Friday, November 29, 2013

Long Weekend

Howdy!  Happy belated Thanksgiving!

Thursday = Woke up super early to take my mom to the airport, hit the grocery store on the way home (was there by 6am), picked up quite a bit, went home and cooked and realized I needed more stuff so went back out to the store.

Didn't get my workout in like I had planned, was on my feet all day baking.  Our neighbors were kind enough to invite us to dinner and we took dessert with us.  The food was super yummy and I did as Tony recommended on facebook - take some food, go back for seconds of your favorites, do not go back for thirds.
Got on the scale this morning, some of the the weight came back, but still was X-2.4 so was happy.

Friday got in the abs workout.  Easier this time slightly, but still a lot of work.
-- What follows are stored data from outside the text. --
(* In the setting below, if $\{\mathbb G(t)\}$ is uniformly strongly connected, then for every fixed $\tau\ge0$, $S(t)\cdots S(\tau+1)S(\tau)\to\frac1n\mathbf 1\,y^\top(\tau)$ as $t\to\infty$, where $y(\tau)=(y_1(\tau),\dots,y_n(\tau))^\top$ and $\mathbf 1$ is the all-ones vector.
   Context: Setting. Fix $n$ agents, $\mathcal V=\{1,\dots,n\}$. For each $t\in\{0,1,2,\dots\}$, $\mathbb G(t)=(\mathcal V,\mathcal E(t))$ is a directed graph containing a self-arc $(i,i)$ at every vertex; $\mathcal N_i(t)=\{j:(j,i)\in\mathcal E(t)\}$ and $\mathcal N_i^-(t)=\{k:(i,k)\in\mathcal E(t)\}$. Weights $w_{ij}(t)$ are positive for $j\in\mathcal N_i(t)$ and $w_{ij}(t)=0$ otherwise, and satisfy: there is $\beta>0$ with $w_{ij}(t)\ge\beta$ whenever $j\in\mathcal N_i(t)$, and $\sum_{j\in\mathcal N_i^-(t)}w_{ji}(t)=1$ for all $i,t$. Thus $W(t)=[w_{ij}(t)]$ is column stochastic with positive diagonal. The sequence $\{\mathbb G(t)\}$ is uniformly strongly connected if there is a positive integer $L$ such that for every $t\ge0$ the directed graph with vertex set $\mathcal V$ and edge set $\bigcup_{k=t}^{t+L-1}\mathcal E(k)$ is strongly connected. The $y$-iteration of push-sum: $y_i(t+1)=\sum_{j}w_{ij}(t)y_j(t)$, $y_i(0)=1$. Define $S(t)$ with entries $s_{ij}(t)=w_{ij}(t)y_j(t)/y_i(t+1)$. *)

From HB Require Import structures.
From mathcomp Require Import all_boot all_order all_algebra.
From mathcomp Require Import all_classical all_reals all_analysis.
Set Implicit Arguments. Unset Strict Implicit. Unset Printing Implicit Defensive.
Import Order.TTheory GRing.Theory Num.Theory.
Local Open Scope ring_scope.

(* Edge sets: E t j i  means  (j,i) \in E(t), i.e. j is an in-neighbour of i. *)

Definition union_rel (n : nat) (E : nat -> rel 'I_n) (t L : nat) : rel 'I_n :=
  fun a b => [exists k : 'I_L, E (t + k)%N a b].

Definition strongly_connected (n : nat) (e : rel 'I_n) : Prop :=
  forall i j : 'I_n, connect e i j.

Definition uniformly_strongly_connected (n : nat) (E : nat -> rel 'I_n) : Prop :=
  exists L : nat, (0 < L)%N /\ forall t, strongly_connected (union_rel E t L).

Fixpoint ypush (R : realType) (n : nat) (W : nat -> 'M[R]_n) (t : nat) : 'cV[R]_n :=
  match t with
  | 0 => const_mx 1
  | t'.+1 => W t' *m ypush W t'
  end.

Definition Smat (R : realType) (n : nat) (W : nat -> 'M[R]_n) (t : nat) : 'M[R]_n :=
  \matrix_(i, j) (W t i j * ypush W t j ord0 / ypush W t.+1 i ord0).

(* Sprod W tau k = S(tau+k) ... S(tau+1) S(tau) *)
Fixpoint Sprod (R : realType) (n : nat) (W : nat -> 'M[R]_n) (tau k : nat) : 'M[R]_n :=
  match k with
  | 0 => Smat W tau
  | k'.+1 => Smat W (tau + k'.+1)%N *m Sprod W tau k'
  end.

From HB Require Import structures.
From mathcomp Require Import all_boot all_order all_algebra.
From mathcomp Require Import all_classical all_reals all_analysis.
From mathcomp Require Import zify ring lra.
Import Order.TTheory GRing.Theory Num.Theory numFieldNormedType.Exports.
Set Implicit Arguments. Unset Strict Implicit. Unset Printing Implicit Defensive.
Local Open Scope ring_scope.

(* Write P(s,k) = W(s+k-1) ... W(s) for the backward products
   of the column-stochastic weight matrices.  Since y(s+k) = P(s,k) y(s), the
   entries of S(tau+k) ... S(tau) are  P(tau,k+1)_ij y_j(tau) / y_i(tau+k+1)
   (Sprod_bprod).  The argument then has three parts:
   - ergodicity: with self-loops of weight >= beta and uniformly strongly
     connected graphs, the set of vertices reached from j grows by one vertex
     per window of length L, so after n windows every entry of P is at least
     beta^(nL) (bprod_pos);
   - contraction: a column-stochastic matrix with all entries >= delta shrinks
     the l1 distance between two columns of equal sum by 1 - n delta
     (coldist_mul), so the columns of P(tau,k) merge geometrically
     (bprod_coldist_vanish);
   - normalisation: once the row (P_il)_l is almost constant, the ratio above
     is close to y_j(tau)/n, with an error controlled because y_i stays above
     n beta^(nL) (weighted_ratio_dev, ypush_window_lb). *)

Definition coldist (R : numDomainType) m n (M : 'M[R]_(m, n)) (j l : 'I_n) : R :=
  \sum_a `|M a j - M a l|.

Lemma coldist_entry (R : numDomainType) m n (M : 'M[R]_(m, n)) a j l :
  `|M a j - M a l| <= coldist M j l.
Proof.
rewrite /coldist (bigD1 a) //= lerDl; exact: sumr_ge0.
Qed.

Lemma contract_zero_sum (R : numDomainType) m n (Q : 'M[R]_(m, n))
    (d : 'I_n -> R) (delta : R) :
  (forall i a, delta <= Q i a) -> (forall a, \sum_i Q i a = 1) -> \sum_a d a = 0 ->
  \sum_i `|\sum_a Q i a * d a| <= (1 - m%:R * delta) * \sum_a `|d a|.
Proof.
move=> Q_ge Q_col d_sum0.
have shift i : \sum_a Q i a * d a = \sum_a (Q i a - delta) * d a.
  under [RHS]eq_bigr do rewrite mulrBl.
  by rewrite sumrB -mulr_sumr d_sum0 mulr0 subr0.
apply: (@le_trans _ _ (\sum_i \sum_a (Q i a - delta) * `|d a|)).
  apply: ler_sum => i _; rewrite shift; apply: le_trans (ler_norm_sum _ _ _) _.
  apply: ler_sum => a _; rewrite normrM ger0_norm // subr_ge0; exact: Q_ge.
rewrite exchange_big /= mulr_sumr; apply: ler_sum => a _.
by rewrite -mulr_suml sumrB Q_col sumr_const card_ord mulr_natl.
Qed.

Lemma coldist_mul (R : numDomainType) m p n (Q : 'M[R]_(m, p)) (M : 'M[R]_(p, n))
    (delta : R) j l :
  (forall i a, delta <= Q i a) -> (forall a, \sum_i Q i a = 1) ->
  \sum_a M a j = \sum_a M a l ->
  coldist (Q *m M) j l <= (1 - m%:R * delta) * coldist M j l.
Proof.
move=> Q_ge Q_col M_sums.
have -> : coldist (Q *m M) j l = \sum_i `|\sum_a Q i a * (M a j - M a l)|.
  apply: eq_bigr => i _; rewrite !mxE -sumrB.
  by under eq_bigr do rewrite -mulrBr.
by apply: contract_zero_sum => //; rewrite sumrB M_sums subrr.
Qed.

Lemma connect_cross (T : finType) (e : rel T) (A : {set T}) a b :
  connect e a b -> a \in A -> b \notin A ->
  exists x y, [/\ e x y, x \in A & y \notin A].
Proof.
move/connectP => [p pth ->]; elim: p a pth => /= [|c p IH] a.
  by move=> _ Ha Hb; rewrite Ha in Hb.
move/andP => [eac pth] Ha Hb.
case Hc: (c \in A); first exact: (IH c pth Hc Hb).
by exists a, c; rewrite Hc.
Qed.

Fixpoint bprod (R : pzRingType) n (W : nat -> 'M[R]_n) (s k : nat) : 'M[R]_n :=
  if k is k'.+1 then W (s + k')%N *m bprod W s k' else 1%:M.

Lemma bprod_split (R : pzRingType) n (W : nat -> 'M[R]_n) s a b :
  bprod W s (a + b) = bprod W (s + a) b *m bprod W s a.
Proof.
elim: b => [|b IH]; first by rewrite addn0 mul1mx.
by rewrite addnS /= IH mulmxA addnA.
Qed.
I hope in 10 weeks this pays off and I have some good results!!

Wednesday, November 27, 2013

Status Update

Alrighty, I'm about to wrap up Week 3 soon (on the first Friday workout of Week 3 - so almost a week behind).  Finished Total Body today and I think I can claim it as nailed it.  Did most of the moves without modification.

Yesterday doubled up on Lower Body Focus & Cardio.

Starting to feel good and see results.  Legs are sore tonight though.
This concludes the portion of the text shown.